Bischoff Hervey Entertainment Television LLC (often shortened to Bischoff Hervey Entertainment or BHE TV) is a Los Angeles based production company, founded in 2003 by Eric Bischoff and Jason Hervey. The company produces and broadcasts various formed of television entertainment, including reality and games shows. Their first show was I Want To Be a Hilton. In addition, the company was involved in producing mobile games.

History
BHE TV produced a live Girls Gone Wild pay-per-view event from Florida in 2003 with WWE and another pay-per-view about the Sturgis Motorcycle Rally in 2004. They also executive produced the VH1 reality shows I Want To Be a Hilton, Scott Baio Is 45...and Single, Scott Baio Is 46...and Pregnant, and Confessions of a Teen Idol. BHE TV was also credited on CMT shows Billy Ray Cyrus...Home At Last and Outlaw Country. BHE TV also produced a professional wrestling reality show called Hulk Hogan's Celebrity Championship Wrestling in which ten celebrities were trained to wrestle and one celebrity is voted off weekly. In January 2013, Bischoff and Hervey produced the television series Hardcore Pawn: Chicago.

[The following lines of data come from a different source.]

(* Under Assumption 1, for any choice of admissible input shares $a=(a_i)_{i\in M}$ and productivities $\lambda_i(a_i)>0$, the economy $\mathcal{E}(\lambda,a)$ has a general equilibrium, unique up to price normalization. Normalizing $p_0=1$: (1) the equilibrium revenues $\bar v_i:=\bar p_i\bar y_i$ ($i\in M$) satisfy $\begin{pmatrix}1\\ \bar v\end{pmatrix}=\tilde A\begin{pmatrix}1\\ \bar v\end{pmatrix}$, i.e. for all $j\in M$, $\bar v_j=a_{0,j}+a_{0,j}\sum_{i\in M}\varepsilon_i\bar v_i+\sum_{i\in M}a_{i,j}\bar v_i$, and $\sum_{i\in M}a_{i,0}\bar v_i=1$; (2) equilibrium profits are $\bar\pi_i=(1-\sum_{j\in N}a_{i,j})\bar v_i=(1-\sum_\ell b_{i,\ell})\bar v_i$; (3) equilibrium prices satisfy $\log(\bar p)=(A-I)^{-1}u+(A-I)^{-1}D\log(\bar v)$, where $\log(\bar p)$, $\log(\bar v)$ are taken coordinatewise over $M$, $u_i=\log\lambda_i(a_i)+\sum_{j\in N}a_{i,j}\log a_{i,j}$ (with $0\log 0=0$), and $D=\mathrm{diag}\big(\sum_{j\in N}a_{i,j}-1\big)_{i\in M}$.
   Context: Economy: a representative household indexed $0$ and firms $M=\{1,\dots,m\}$; $N=M\cup\{0\}$, where index $0$ also denotes the labor good. Sectors: labor is sector $0$ with $M_0=\{0\}$; $M_\ell$ is the set of firms of sector $\ell$. The household supplies one unit of labor, receives all firms' profits, and has utility $u(x_0)=\prod_{j\in M}x_{0,j}^{a_{0,j}}$ with $a_0\in\mathbb{R}^M_+$, $\sum_j a_{0,j}=1$. Each firm $i$ has requirement vector $b_i\ge0$, $\sum_\ell b_{i,\ell}\le1$, and input shares $a_i\in\mathbb{R}^N_+$ with $\sum_{j\in M_\ell}a_{i,j}=b_{i,\ell}$ for every sector $\ell$; its production function is $f_{a,i}(x_i)=\lambda_i(a_i)\prod_{j\in N}x_{i,j}^{a_{i,j}}$. $\varepsilon_i:=1-\sum_{j\in N}a_{i,j}$. $A=(a_{i,j})_{i,j\in M}$. The economy $\mathcal{E}(\lambda,a)$: a general equilibrium is $(\bar p,\bar x,\bar y)$ with $\bar p\in\mathbb{R}^N_+$, $\bar y_0=1$, such that each firm $i$ maximizes $\bar p_iy_i-\bar p\cdot x_i$ subject to $y_i=f_{a,i}(x_i)$; the household maximizes $u(x_0)$ subject to $\bar p\cdot x_0\le \bar p_0+\sum_{j\in M}(\bar p_j\bar y_j-\bar p\cdot\bar x_j)$; and markets clear: $\sum_{j\in N}\bar x_{j,i}=\bar y_i$ for all $i\in N$. The matrix $\tilde A$ on $N\times N$: $\tilde A_{0,0}=0$, $\tilde A_{0,j}=a_{j,0}$, $\tilde A_{i,0}=a_{0,i}$, $\tilde A_{i,j}=a_{j,i}+\varepsilon_ja_{0,i}$ ($i,j\in M$). Assumption 1: $a_0\in\mathbb{R}^M_{++}$; $b_{i,0}>0$ for all $i$; some firm $i_0$ has $b_{i_0,\ell}>0$ for some sector $\ell\ne0$. *)

From HB Require Import structures.
From mathcomp Require Import all_boot all_order all_algebra.
From mathcomp Require Import reals exp.
Set Implicit Arguments. Unset Strict Implicit. Unset Printing Implicit Defensive.
Import Order.TTheory GRing.Theory Num.Theory.
Local Open Scope ring_scope.

(* Firms are indexed by 'I_m (firm i of the paper is i+1).
   Goods (= the index set N) are indexed by 'I_m.+1 : good [lab] = ord0 is
   labor (index 0), good [gd i] = lift ord0 i is the product of firm i.
   Non-labor sectors are indexed by 'I_k; [sec j] is the sector of firm j
   (labor sector 0 = {0} is treated separately).
   a0 : 'I_m -> R            household Cobb-Douglas shares a_{0,j}, j in M
   a  : 'I_m -> 'I_m.+1 -> R  input shares a_{i,j}, j in N
   b0 : 'I_m -> R            labor requirement b_{i,0}
   b  : 'I_m -> 'I_k -> R    sector requirements b_{i,l}, l <> 0
   lam : 'I_m -> ('I_m.+1 -> R) -> R   productivity functions lambda_i(.) *)

Definition lab {m : nat} : 'I_m.+1 := ord0.
Definition gd {m : nat} (i : 'I_m) : 'I_m.+1 := lift ord0 i.

Section Economy.
Variables (R : realType) (m k : nat).

Definition dotp (p z : 'I_m.+1 -> R) : R := \sum_(j < m.+1) p j * z j.

Definition prodfun (a : 'I_m -> 'I_m.+1 -> R) (lam : 'I_m -> ('I_m.+1 -> R) -> R)
  (i : 'I_m) (z : 'I_m.+1 -> R) : R :=
  lam i (a i) * \prod_(j < m.+1) powR (z j) (a i j).

Definition utility (a0 : 'I_m -> R) (z : 'I_m.+1 -> R) : R :=
  \prod_(j < m) powR (z (gd j)) (a0 j).

Definition nonneg (z : 'I_m.+1 -> R) : Prop := forall j, 0 <= z j.

Definition profit (p : 'I_m.+1 -> R) (i : 'I_m) (yi : R) (xi : 'I_m.+1 -> R) : R :=
  p (gd i) * yi - dotp p xi.

Definition admissible (sec : 'I_m -> 'I_k) (a : 'I_m -> 'I_m.+1 -> R)
  (b0 : 'I_m -> R) (b : 'I_m -> 'I_k -> R) : Prop :=
  [/\ forall i j, 0 <= a i j,
      forall i, 0 <= b0 i /\ forall l, 0 <= b i l,
      forall i, b0 i + \sum_(l < k) b i l <= 1,
      forall i, a i lab = b0 i &
      forall i l, \sum_(j < m | sec j == l) a i (gd j) = b i l].

Definition assumption1 (a0 : 'I_m -> R) (b0 : 'I_m -> R) (b : 'I_m -> 'I_k -> R) : Prop :=
  [/\ (forall j, 0 < a0 j), \sum_(j < m) a0 j = 1,
      (forall i, 0 < b0 i) & exists i0 l, 0 < b i0 l].

(* General equilibrium (p, x, y) of E(lambda, a):
   p : prices of goods in N; x0 : household bundle; x i : input bundle of firm i;
   y i : output of firm i (household labor supply y_0 = 1). *)
Definition equilibrium (a0 : 'I_m -> R) (a : 'I_m -> 'I_m.+1 -> R)
  (lam : 'I_m -> ('I_m.+1 -> R) -> R)
  (p : 'I_m.+1 -> R) (x0 : 'I_m.+1 -> R) (x : 'I_m -> 'I_m.+1 -> R) (y : 'I_m -> R) : Prop :=
  [/\ nonneg p /\ nonneg x0 /\ (forall i, nonneg (x i)),
      (forall i, y i = prodfun a lam i (x i)) /\
      (forall i (z : 'I_m.+1 -> R), nonneg z ->
          profit p i (prodfun a lam i z) z <= profit p i (y i) (x i)),
      (let income := p lab + \sum_(i < m) profit p i (y i) (x i) in
       dotp p x0 <= income /\
       forall z, nonneg z -> dotp p z <= income -> utility a0 z <= utility a0 x0) &
      x0 lab + \sum_(i < m) x i lab = 1 /\
      forall j, x0 (gd j) + \sum_(i < m) x i (gd j) = y j].

Definition xlnx (t : R) : R := if t == 0 then 0 else t * ln t.

End Economy.

From HB Require Import structures.
From mathcomp Require Import all_boot all_order all_algebra.
From mathcomp Require Import boolp reals exp sequences.
From mathcomp Require Import ring lra.
Set Implicit Arguments. Unset Strict Implicit. Unset Printing Implicit Defensive.
Import Order.TTheory GRing.Theory Num.Theory.
Local Open Scope ring_scope.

In 2006 BHE and Socko Energy Drinks signed a multi-year promotional deal with World Wrestling Entertainment. The following year, BHE and Socko announced a deal with Wal-Mart to carry a Hulk Hogan branded energy drink.

In 2011, BHE was filming a show called Miami's Finest: Special Operations Section, which caught on film the Miami Police Department's killing of a suspect.

In 2012 BHE TV acquired a 50% ownership stake in games-development company MX Digital founded by Ike McFadden.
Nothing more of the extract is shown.